Time Warner said on Friday that it now owns 8% of search-engine Google. It
intends to adjust the way it accounts for a deal with German music publisher
Bertelsmann's purchase of a stake in AOL Europe, which it had reported as
advertising revenue. Time Warner's fourth quarter profits were slightly better
than analysts' expectations. The company said it was unable to estimate the
amount it needed to set aside for legal reserves, which it previously set at
$500m.
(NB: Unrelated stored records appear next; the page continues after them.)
(* Let $(X,\perp,R)$ be a monadic orthoframe. Then for every $A\subseteq X$: (1) $R[A]^\perp$ is closed under $R$, i.e. $R[R[A]^\perp]=R[A]^\perp$; (2) $R[A]^{\perp\perp}$ is closed under $R$, i.e. $R[R[A]^{\perp\perp}]=R[A]^{\perp\perp}$; (3) $R[A^{\perp\perp}]\subseteq R[A]^{\perp\perp}$.
   Context: An orthoframe $(X,\perp)$ is a set with an irreflexive symmetric binary relation $\perp$; for $A\subseteq X$, $A^\perp=\{x\in X: a\perp x\text{ for all }a\in A\}$. For a binary relation $R$ on $X$ and $A\subseteq X$, $R[A]=\{y: x\,R\,y\text{ for some }x\in A\}$. A monadic orthoframe is $(X,\perp,R)$ with (M1) $\perp$ an orthogonality relation; (M2) $R$ reflexive and transitive; (M3) for each $x\in X$, $R[R[\{x\}]^\perp]\subseteq R[\{x\}]^\perp$. *)

Definition set_incl {X : Type} (A B : X -> Prop) : Prop := forall x, A x -> B x.
Definition set_eq {X : Type} (A B : X -> Prop) : Prop := set_incl A B /\ set_incl B A.

Definition orthogonality {X : Type} (perp : X -> X -> Prop) : Prop :=
  (forall x, ~ perp x x) /\ (forall x y, perp x y -> perp y x).

Definition orth {X : Type} (perp : X -> X -> Prop) (A : X -> Prop) : X -> Prop :=
  fun x => forall a, A a -> perp a x.

Definition img {X : Type} (R : X -> X -> Prop) (A : X -> Prop) : X -> Prop :=
  fun y => exists x, A x /\ R x y.

Definition singleton {X : Type} (x : X) : X -> Prop := fun y => y = x.

Definition monadic_orthoframe {X : Type} (perp R : X -> X -> Prop) : Prop :=
  orthogonality perp /\
  (forall x, R x x) /\ (forall x y z, R x y -> R y z -> R x z) /\
  (forall x, set_incl (img R (orth perp (img R (singleton x))))
                      (orth perp (img R (singleton x)))).


(* The key fact is that the orthocomplement of an R-closed set is R-closed:
   if B is R-closed and z is in B, then R[{z}] is contained in B, so
   B^perp is contained in R[{z}]^perp, and (M3) at z pushes R[B^perp] into
   R[{z}]^perp, which is orthogonal to z because R is reflexive.  Since R[A]
   is R-closed by transitivity, (1) and (2) follow by applying this once and
   twice; (3) follows from (2) and the monotonicity of the double
   orthocomplement applied to A ⊆ R[A]. *)

Definition R_closed {X : Type} (R : X -> X -> Prop) (B : X -> Prop) : Prop :=
  set_incl (img R B) B.

Section Orthoframe.

Variables (X : Type) (perp R : X -> X -> Prop).

Lemma set_incl_trans (A B C : X -> Prop) :
  set_incl A B -> set_incl B C -> set_incl A C.
Proof. intros HAB HBC x Hx; apply HBC, HAB, Hx. Qed.

Lemma img_incl (A B : X -> Prop) : set_incl A B -> set_incl (img R A) (img R B).
Proof. intros HAB y [x [Hx Hxy]]; exists x; split; [apply HAB |]; assumption. Qed.

Lemma orth_incl (A B : X -> Prop) :
  set_incl A B -> set_incl (orth perp B) (orth perp A).
Proof. intros HAB x Hx a Ha; apply Hx, HAB, Ha. Qed.

Lemma orth_orth_incl (A B : X -> Prop) :
  set_incl A B -> set_incl (orth perp (orth perp A)) (orth perp (orth perp B)).
Proof. intros HAB; apply orth_incl, orth_incl, HAB. Qed.

Hypothesis R_refl : forall x, R x x.

Lemma incl_img (A : X -> Prop) : set_incl A (img R A).
Proof. intros x Hx; exists x; split; [exact Hx | apply R_refl]. Qed.

Lemma img_eq_of_R_closed (B : X -> Prop) : R_closed R B -> set_eq (img R B) B.
Proof. intros HB; split; [exact HB | apply incl_img]. Qed.

Lemma img_singleton_incl (B : X -> Prop) (z : X) :
  R_closed R B -> B z -> set_incl (img R (singleton z)) B.
Proof.
  intros HB Hz; apply (set_incl_trans _ (img R B)); [| exact HB].
  apply img_incl; intros y ->; exact Hz.
Qed.

Hypothesis R_frame : forall x, R_closed R (orth perp (img R (singleton x))).

Lemma R_closed_orth (B : X -> Prop) : R_closed R B -> R_closed R (orth perp B).
Proof.
  intros HB y Hy z Hz.
  assert (HBz : set_incl (orth perp B) (orth perp (img R (singleton z)))).
  { apply orth_incl, img_singleton_incl; assumption. }
  apply (R_frame z y); [exact (img_incl _ _ HBz y Hy) |].
  exists z; split; [reflexivity | apply R_refl].
Qed.

Hypothesis R_trans : forall x y z, R x y -> R y z -> R x z.

Lemma R_closed_img (A : X -> Prop) : R_closed R (img R A).
Proof.
  intros z [y [[x [Hx Hxy]] Hyz]].
  exists x; split; [exact Hx | exact (R_trans _ _ _ Hxy Hyz)].
Qed.

End Orthoframe.

Theorem mainTheorem17 (X : Type) (perp R : X -> X -> Prop)
  (H : monadic_orthoframe perp R) (A : X -> Prop) :
  set_eq (img R (orth perp (img R A))) (orth perp (img R A)) /\
  set_eq (img R (orth perp (orth perp (img R A)))) (orth perp (orth perp (img R A))) /\
  set_incl (img R (orth perp (orth perp A))) (orth perp (orth perp (img R A))).
Proof.
  destruct H as [_ [R_refl [R_trans R_frame]]].
  assert (closed1 : R_closed R (orth perp (img R A))).
  { apply R_closed_orth, R_closed_img; assumption. }
  assert (closed2 : R_closed R (orth perp (orth perp (img R A)))).
  { apply R_closed_orth; assumption. }
  split; [| split].
  - apply img_eq_of_R_closed; assumption.
  - apply img_eq_of_R_closed; assumption.
  - apply (set_incl_trans _ _ (img R (orth perp (orth perp (img R A))))); [| exact closed2].
    apply img_incl, orth_orth_incl, incl_img; assumption.
Qed.
(* S is the monomial matrix with entry p (z t) at (t, sigma t).  As the
   vertices are self-adjoint idempotents and sigma preserves z, S S^* = S^* S
   = Pr, so S is a partial isometry and U = S + (1 - Pr) is invertible with
   inverse S^* + (1 - Pr).
   For K_1, write U = 1 + sum_v v (P_v - 1), with P_v in M_h(k) the
   permutation matrix of sigma_v.  Since the vertices are orthogonal
   idempotents, (A_v)_v |-> 1 + sum_v v (A_v - 1) is multiplicative and maps
   families of elementary products to elementary products.  Over k, P_v is a product of
   elementary matrices times the dilation by sign(sigma_v) at any chosen
   position; choosing the position of v in the list of vertices turns the
   image of the dilations into the diagonal matrix of the
   sign(sigma_v) v + (1 - v), and stabilising gives the K_1 equality. *)

Section ElementaryEquivalence.
Variables (T : pzRingType) (n : nat).
Implicit Types A B C P Q X : 'M[T]_n.

Definition elem_equiv A B := exists2 P, elem_prod P & A = P *m B.

Lemma elem_prod1 : elem_prod (1%:M : 'M[T]_n).
Proof. by exists [::]. Qed.

Lemma elem_prod_elementary X : elementary_mx X -> elem_prod X.
Proof. by move=> HX; exists [:: X]; rewrite /= mulmx1; split=> // N /[!inE] /eqP->. Qed.

Lemma elem_prodM P Q : elem_prod P -> elem_prod Q -> elem_prod (P *m Q).
Proof.
move=> [l1 [H1 ->]] [l2 [H2 ->]]; exists (l1 ++ l2); split.
  by move=> N; rewrite mem_cat => /orP[/H1|/H2].
by rewrite foldr_cat; elim: l1 {H1} => [|Y l IH] /=; rewrite ?mul1mx // -mulmxA IH.
Qed.

Lemma elem_prod_foldr (l : seq 'M[T]_n) :
  (forall P, P \in l -> elem_prod P) -> elem_prod (foldr mulmx 1%:M l).
Proof.
elim: l => [|P l IH] Hl /=; first exact: elem_prod1.
by apply: elem_prodM; [apply/Hl/mem_head | apply: IH => Q HQ; apply/Hl/mem_behead].
Qed.

Lemma elem_prod_ind (Q : 'M[T]_n -> Prop) :
  Q 1%:M -> (forall X P, elementary_mx X -> Q P -> Q (X *m P)) ->
  forall P, elem_prod P -> Q P.
Proof.
move=> Q1 QM _ [l [Hl ->]]; elim: l Hl => [|X l IH] Hl //=.
by apply: QM; [apply/Hl/mem_head | apply: IH => N HN; apply/Hl/mem_behead].
Qed.

Lemma elementary_inv X : elementary_mx X ->
  exists2 Y, elementary_mx Y & Y *m X = 1%:M.
Proof.
move=> [i [j [c [Hij ->]]]]; exists (1%:M + (- c) *: delta_mx i j).
  by exists i, j, (- c).
have sq0 : delta_mx i j *m (c *: delta_mx i j) = 0 :> 'M[T]_n.
  apply/matrixP=> r s; rewrite !mxE big1 // => l _; rewrite !mxE.
  case: (r == i); rewrite ?mul0r //=; case: eqP => [->|_]; rewrite ?mul0r //.
  by case: eqP => [Eji|_] /=; [rewrite Eji eqxx in Hij | rewrite mulr0n !mulr0].
rewrite mulmxDl mul1mx mulmxDr mulmx1 -scalemxAl sq0 scaler0 addr0.
by rewrite scaleNr addrK.
Qed.

Lemma elem_prod_inv P : elem_prod P -> exists2 Q, elem_prod Q & Q *m P = 1%:M.
Proof.
move=> HP; elim/elem_prod_ind: P / HP => [|X P HX [Q HQ HQP]].
  by exists 1%:M; [exact: elem_prod1 | rewrite mulmx1].
have [Y HY HYX] := elementary_inv HX.
exists (Q *m Y); first by apply: elem_prodM => //; apply: elem_prod_elementary.
by rewrite mulmxA -(mulmxA Q) HYX mulmx1.
Qed.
However, the company said AOL's underlying profit before exceptional
items rose 8% on the back of stronger internet advertising revenues.


### Method 2 function (Eigen-Vector):

In [45]:
def summarise_direct(text : str, damping_factor : float):
    
    tfidf = TfidfVectorizer(stop_words=stopwords.words('english'))
    
    sent_token = nltk.sent_tokenize(text)
    sent_token_tfidf = tfidf.fit_transform(sent_token[1:])
    
    G = linear_kernel(sent_token_tfidf,sent_token_tfidf)
    G = G/G.sum(axis=1).reshape((19,1))
    
    A = damping_factor*1/len(G) + (1-damping_factor)*G
    
    eig_values, eig_vectors = LA.eig(A.T)
    scores = eig_vectors[:,list(np.floor(eig_values)).index(1.0)]/eig_vectors[:,list(np.floor(eig_values)).index(1.0)].sum()
    
    scores = scores*-1
    summary_index = scores.argsort()[:5]
    summary = " ".join([sent_token[index] for index in summary_index])
    
    return summary

In [46]:
print("\n".join(wrapper.wrap(summarise_direct(text=sample_article,damping_factor=0.15))))

It lost 464,000 subscribers in the fourth quarter profits were lower than in the
preceding three quarters. The firm, which is now one of the biggest investors in
Google, benefited from sales of high-speed internet connections and higher
advert sales. But its film division saw profits slump 27% to $284m, helped by
box-office flops Alexander and Catwoman, a sharp contrast to year-earlier, when
the third and final film in the Lord of the Rings trilogy boosted results.
TimeWarner also has to restate 2000 and 2003 results following a probe by the US
Securities Exchange Commission (SEC), which is close to concluding. TimeWarner
said fourth quarter sales rose 2% to $11.1bn from $10.9bn.